The irony is that Walmart Family Mobile runs on the T-Mobile network, so the effect of their yield maximization is to cut their revenue from me by (I estimate) 40%.

2013-07-03

Wednesday night at home

Train home. Changed both tires on my road bike after noticing that the belt fibers were peeking through the rear wheel tread. Laurie called to suggest a rendezvous at Town & Country so we caught the end of a Detroit-style blues band, and then pedaled home.  Tabbouleh, salad, brussels sprouts for dinner. I started the laundry (rags left by the maids) and we walked downtown for milk...  When we got back, I threw the rags in the dryer and sat down to clear up a few loose ends. First, the New York Times crossword puzzle in 6:19...

The MythTV box is down again. It's recording but not playing back. It looks like Catalyst Control Center v.12.6 disagreed with Ubuntu 12.04 and whatever MythTV rev is installed, and it uninstalled itself. So no sound (again) and images don't get scaled. The answer seems to be to backup the database, upgrade to Ubuntu 13.10, install Catalyst 13.6, and maybe a MythTV upgrade too.  I don't know when that will happen. I just tried running the Catalyst installer and it failed (predictably), complaining that a proprietary AMD driver was already installed. I really ought to set up regular backups, and fix the infrared remote (which Really Needs an Esc function), too.

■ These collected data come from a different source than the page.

(* An element c of order p in S_n with n <= p+1 is a p-cycle fixing at most one point.
   If b commutes with c, then b maps the orbit of a moved point x to itself, say
   b x = c^j x, and b c^-j fixes the whole orbit, hence is the identity: the centraliser
   of c is <c>.  So an element of order divisible by p has order p, and <c> is both
   maximal and minimal among nontrivial cyclic subgroups, which isolates [c].  All
   p-cycles are conjugate to a standard one, so there are n!/p of them, falling into
   classes [c] of size p-1, one component each: n!/(p(p-1)) components.  The powers of
   the type [p, 1^(n-p)] are itself and [1^n], and since n < 2p any partition having
   it as a power has a part p, which forces it to be [p, 1^(n-p)]. *)

From mathcomp Require Import all_boot all_order all_fingroup all_solvable.
From mathcomp Require Import zify.
Set Implicit Arguments. Unset Strict Implicit. Unset Printing Implicit Defensive.

Section CyclicClasses.
Local Open Scope group_scope.
Variable gT : finGroupType.
Implicit Types x y : gT.

Lemma mem_cls x y : (y \in cls x) = (<[y]> == <[x]>).
Proof. by rewrite inE. Qed.

Lemma cls_id x : x \in cls x.
Proof. by rewrite mem_cls. Qed.

Lemma eq_cls x y : <[x]> = <[y]> -> cls x = cls y.
Proof. by move=> exy; apply/setP => z; rewrite !mem_cls exy. Qed.
Lemma concat_near_point n k (x : amb R n) (V : set Y) : (0 < k)%N -> onSphere k x ->
  x <> @origin R n -> open V -> V (h (emb x)) ->
  \forall y \near dist_nbhs x, inH y -> V (h (emb y)).
Proof.
move=> k0 hs x0 oV Vx.
have hinv0 : (fun y => sph_inv k y ord0) @ dist_nbhs x --> sph_inv k x ord0.
  exact: cvg_sph_inv k0 hs x0 (@dist_nbhs_coord _ n x) ord0.
have hL : \forall y \near dist_nbhs x,
    sph_inv k y ord0 <= 2^-1 -> V (f (emb (concat_left k y))).
  apply: near_le_branch hinv0 _ => hx.
  have := cvg_sph_upd0_inv (b := 0) k0 hs x0.
  under eq_fun do rewrite subr0; rewrite subr0 => cl.
  apply: near_emb_comp bf.1 oV cl _ _; first by move=> y; exact: sph_inH.
  by rewrite -(concat_leftE k0 hs x0 hx).
have hR : \forall y \near dist_nbhs x,
    2^-1 <= sph_inv k y ord0 -> V (g (emb (concat_right k y))).
  apply: near_ge_branch hinv0 _ => hx.
  apply: near_emb_comp bg.1 oV (cvg_sph_upd0_inv (b := 1) k0 hs x0) _ _.
    by move=> y; exact: sph_inH.
  by rewrite -(concat_rightE k0 hs x0 hx).
near=> y => yH.
have hsy : inH y -> onSphere k y by near: y; exact: near_onSphere.
have y0' : y <> @origin R n by near: y; exact: near_neq.
have HL : sph_inv k y ord0 <= 2^-1 -> V (f (emb (concat_left k y))) by near: y.
have HR : 2^-1 <= sph_inv k y ord0 -> V (g (emb (concat_right k y))) by near: y.
have [hy|/ltW hy] := leP (sph_inv k y ord0) 2^-1.
  by rewrite (concat_leftE k0 (hsy yH) y0' hy); exact: HL.
by rewrite (concat_rightE k0 (hsy yH) y0' hy); exact: HR.
Unshelve. all: by end_near.
Qed.

Lemma concat_tail (V : set Y) : open V -> V (h (theta R)) ->
  exists N, forall n, (N <= n)%N -> forall x : amb R n, inH x -> V (h (emb x)).
Proof.
move=> oV; rewrite concat_theta => Vy0.
have [_ /(_ _)[|Nf hNf]] := (continuous_HinfP f).1 bf.1 V oV; first by rewrite bf.2.
have [_ /(_ _)[|Ng hNg]] := (continuous_HinfP g).1 bg.1 V oV; first by rewrite bg.2.
exists (maxn Nf Ng) => n; rewrite geq_max => /andP[nf ng] x xH.
have [->|x0] := pselect (x = @origin R n); first by rewrite emb_origin concat_theta.
have [k k0 hs] := xH.
have [hx|/ltW hx] := leP (sph_inv k x ord0) 2^-1.
  by rewrite (concat_leftE k0 hs x0 hx); apply: hNf => //; exact: sph_inH.
by rewrite (concat_rightE k0 hs x0 hx); apply: hNg => //; exact: sph_inH.
Qed.

Lemma concat_based : based y0 h.
Proof.
split; last exact: concat_theta.
apply/continuous_HinfP => V oV; split; last exact: concat_tail.
move=> n x xH Vx; have [x0|x0] := pselect (x = @origin R n).
  rewrite x0; apply: concat_near_origin oV _.
  by move: Vx; rewrite x0 emb_origin concat_theta.
by have [k k0 hs] := xH; exact: concat_near_point k0 hs x0 oV Vx.
Qed.

End concatenation.

Section based_maps.
Context {R : realType} {Y : topologicalType}.

Lemma concat_uniq (f g h h' : Hinf R -> Y) : concat f g h -> concat f g h' -> h = h'.
Proof.
move=> fgh fgh'; apply: funext => p.
have [n [k [t [k0 ut ->]]]] := emb_sph_surj p.
by rewrite (fgh _ _ _ k0 ut) (fgh' _ _ _ k0 ut).
Qed.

I'm investigating the Magento e-commerce system for my brother, who needs some customization on his gift basket site. I wrote some code to explore the SOAP APIs and to load arbitrary customer data files. But the next step for me was to set up my own Magento test system...  This took about ten minutes - download the file, unzip it, edit the Apache extra/httpd-vhosts.conf file, edit drivers/etc/hosts, start MySQL, start Apache, go to the setup URL - except the initial startup transaction (run through Apache) requires 90 seconds - so it crashed because of the PHP timer. I edited php.ini, dropped and recreated the database, and it all looks good.  More on that tomorrow.

And then there are the telephones. Porting my T-Mobile number to Google Voice meant that I no longer had a separate voicemail-only Google Voice number. So to use GV with my home SIP phones, I had to reconfigure them with my VOIP provider. But for some reason, the changes just didn't take. I couldn't get to the new voicemail system to set the outgoing message. It only took me about ten minutes to figure out that long ago - maybe before I discovered the rich feature set of the VOIP system - I had programmed the the Cisco/Linksys/Sipura SPA2102 analog telephone adapter (ATA) box to forward to my GV number on ring-no-answer. That was still active... Clearing those fields got me right to the voicemail system and I recorded a nice outgoing message.